Haven't seen this posted yet, James Hoffman was asking if anybody would like either an eBook or hard back of his writings. You can read this and, if you so wish, express interest here http://www.jimseven.com/2016/01/04/do-you-want-a-jimseven-book/


----------



## aaronb (Nov 16, 2012)

Yeah he posted that a while ago but I haven't heard any more.

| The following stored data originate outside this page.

(* Let $g:[0,\infty)\to[0,1]$ be continuously differentiable and strictly decreasing, and let $$f(x)=1-e^{-x}\big[1-g(x)(x+1)\big]-\int_0^xg(z)e^{-z}\,dz .$$ Assume $\min_{x\ge0}f(x)=g(0)$. For $\tau,\tau'\ge0$ define $$H(\tau,\tau')=1-e^{-\tau'}-\int_0^{\tau'}g(z)e^{-z}\,dz+g(\tau')\cdot\begin{cases}\tau e^{-\tau'} & \tau\le\tau',\\ \tau'e^{-\tau'}+e^{-\tau'}-e^{-\tau} & \tau>\tau'.\end{cases}$$ Then $H(\tau,\tau')\ge g(0)\,(1-e^{-\tau})$ for all $\tau,\tau'\ge0$. *)

From Stdlib Require Import Reals Lra ClassicalEpsilon.
Open Scope R_scope.

(* Riemann integral of f over [a,b], made total: the value of RiemannInt for
   some integrability proof (independent of the proof, RiemannInt_P5) when f
   is Riemann integrable on [a,b]; an unspecified real otherwise. *)
Definition RInt (f : R -> R) (a b : R) : R :=
  epsilon (inhabits 0)
    (fun I => exists pr : Riemann_integrable f a b, RiemannInt pr = I).

Definition deriv_within_nonneg (g : R -> R) (g' : R) (x : R) : Prop :=
  forall eps, 0 < eps -> exists delta, 0 < delta /\
    forall h, h <> 0 -> 0 <= x + h -> Rabs h < delta ->
      Rabs ((g (x + h) - g x) / h - g') < eps.

Definition continuous_on_nonneg (u : R -> R) : Prop :=
  forall x, 0 <= x -> forall eps, 0 < eps -> exists delta, 0 < delta /\
    forall y, 0 <= y -> Rabs (y - x) < delta -> Rabs (u y - u x) < eps.

Definition C1_on_nonneg (g : R -> R) : Prop :=
  exists g' : R -> R, continuous_on_nonneg g' /\
    forall x, 0 <= x -> deriv_within_nonneg g (g' x) x.

Definition f_of (g : R -> R) (x : R) : R :=
  1 - exp (- x) * (1 - g x * (x + 1)) - RInt (fun z => g z * exp (- z)) 0 x.

Definition H_of (g : R -> R) (tau tau' : R) : R :=
  1 - exp (- tau') - RInt (fun z => g z * exp (- z)) 0 tau'
  + g tau' * (if Rle_dec tau tau' then tau * exp (- tau')
              else tau' * exp (- tau') + exp (- tau') - exp (- tau)).

From Stdlib Require Import Reals Lra.
Open Scope R_scope.

(* Writing I(x) for the integral of g(z)e^{-z} over [0,x],
   both f(x) and H(tau,tau') share the term 1 - e^{-tau'} - I(tau'), so H
   differs from f(tau') only by a multiple of g(tau'):
       H(tau,tau') = f(tau') - g(tau') * D(tau,tau'),
   where the "defect" D is (tau'+1-tau)e^{-tau'} when tau <= tau' and
   e^{-tau} otherwise.  The elementary inequality (1+d)e^{-d} <= 1 shows
   D(tau,tau') <= e^{-tau} in both cases.  Since g is decreasing and
   nonnegative, 0 <= g(tau') <= g(0), and the minimality assumption
   f(tau') >= g(0) then gives H >= g(0) - g(0)e^{-tau}.
   Only the lower bound f >= g(0), the range, and the monotonicity of g are
   used; differentiability of g and attainment of the minimum are not. *)

Lemma one_plus_mul_exp_neg_le_1 (d : R) : (1 + d) * exp (- d) <= 1.
Proof.
  assert (Hinv : exp d * exp (- d) = 1).
  { rewrite <- exp_plus, Rplus_opp_r; apply exp_0. }
  pose proof (exp_ineq1_le d) as Hd.
  pose proof (exp_pos (- d)) as Hpos.
  nra.
Qed.

(* The amount by which H(tau,tau') falls short of f(tau'), per unit of g(tau'). *)
Definition H_defect (tau tau' : R) : R :=
  if Rle_dec tau tau' then (tau' + 1 - tau) * exp (- tau') else exp (- tau).

Lemma H_of_eq_f_of_minus_defect (g : R -> R) (tau tau' : R) :
  H_of g tau tau' = f_of g tau' - g tau' * H_defect tau tau'.
Proof.
  unfold H_of, f_of, H_defect.
  destruct (Rle_dec tau tau'); ring.
Qed.

(* The defect never exceeds e^{-tau}; for tau <= tau' this is
   (1+d)e^{-d} <= 1 with d = tau' - tau. *)
Lemma H_defect_le_exp (tau tau' : R) : H_defect tau tau' <= exp (- tau).
Proof.
  unfold H_defect; destruct (Rle_dec tau tau') as [_ | _]; [| lra].
  set (d := tau' - tau).
  assert (Hsplit : (tau' + 1 - tau) * exp (- tau')
                   = exp (- tau) * ((1 + d) * exp (- d))).
  { unfold d. replace (- tau') with (- tau + - (tau' - tau)) by ring.
    rewrite exp_plus; ring. }
  rewrite Hsplit.
  pose proof (exp_pos (- tau)) as Hpos.
  pose proof (one_plus_mul_exp_neg_le_1 d) as Hd.
  rewrite <- (Rmult_1_r (exp (- tau))) at 2.
  apply Rmult_le_compat_l; lra.
Qed.

Lemma strictly_decreasing_le_at_0 (g : R -> R)
  (hdec : forall x y, 0 <= x -> x < y -> g y < g x) :
  forall x, 0 <= x -> g x <= g 0.
Proof.
  intros x Hx.
  destruct (Req_dec x 0) as [-> | Hne]; [lra |].
  left; apply hdec; lra.
Qed.

Theorem mainTheorem14 (g : R -> R)
  (hrange : forall x, 0 <= x -> 0 <= g x <= 1)
  (hC1 : C1_on_nonneg g)
  (hdec : forall x y, 0 <= x -> x < y -> g y < g x)
  (hmin : (exists x0, 0 <= x0 /\ f_of g x0 = g 0) /\
          (forall x, 0 <= x -> g 0 <= f_of g x)) :
  forall tau tau', 0 <= tau -> 0 <= tau' ->
    H_of g tau tau' >= g 0 * (1 - exp (- tau)).
Proof.
  intros tau tau' Htau Htau'.
  destruct hmin as [_ hf_ge].
  pose proof (hf_ge tau' Htau') as Hf.
  pose proof (strictly_decreasing_le_at_0 g hdec tau' Htau') as Hg_le.
  destruct (hrange tau' Htau') as [Hg_nonneg _].
  pose proof (H_defect_le_exp tau tau') as HD.
  pose proof (exp_pos (- tau)) as Hpos.
  assert (Hcorr : g tau' * H_defect tau tau' <= g 0 * exp (- tau)).
  { apply Rle_trans with (g tau' * exp (- tau)).
    - apply Rmult_le_compat_l; assumption.
    - apply Rmult_le_compat_r; lra. }
  rewrite H_of_eq_f_of_minus_defect.
  lra.
Qed.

I'd buy it, his blog is well written and informative, the world atlas of coffee is also a great read so I'm sure it would be good.


----------



## bronc (Dec 10, 2012)

Matt Perger mentioned on the last Hustle that Hoffman was considering printing a coffee variety family tree poster. I think he said something about orders being a minimum of 10+ posters. Maybe organize a group buy if it happens? http://www.jimseven.com/2016/02/25/a-coffee-variety-family-tree-timeline-poster/


----------



## risky (May 11, 2015)

I like the idea of his poster it's just too text heavily IMO.


----------



## hotmetal (Oct 31, 2013)

I like typographic posters. But at A1 the copy may be too small to read on a wall in a frame. Did he mean Maragopype? There was me thinking it was Maragogype. Hope they haven't run 1000 of these already if it's not been proof read. I've messaged him.


----------



## jlarkin (Apr 26, 2015)

hotmetal said:


> I like typographic posters. But at A1 the copy may be too small to read on a wall in a frame. Did he mean Maragopype? There was me thinking it was Maragogype. Hope they haven't run 1000 of these already if it's not been proof read. I've messaged him.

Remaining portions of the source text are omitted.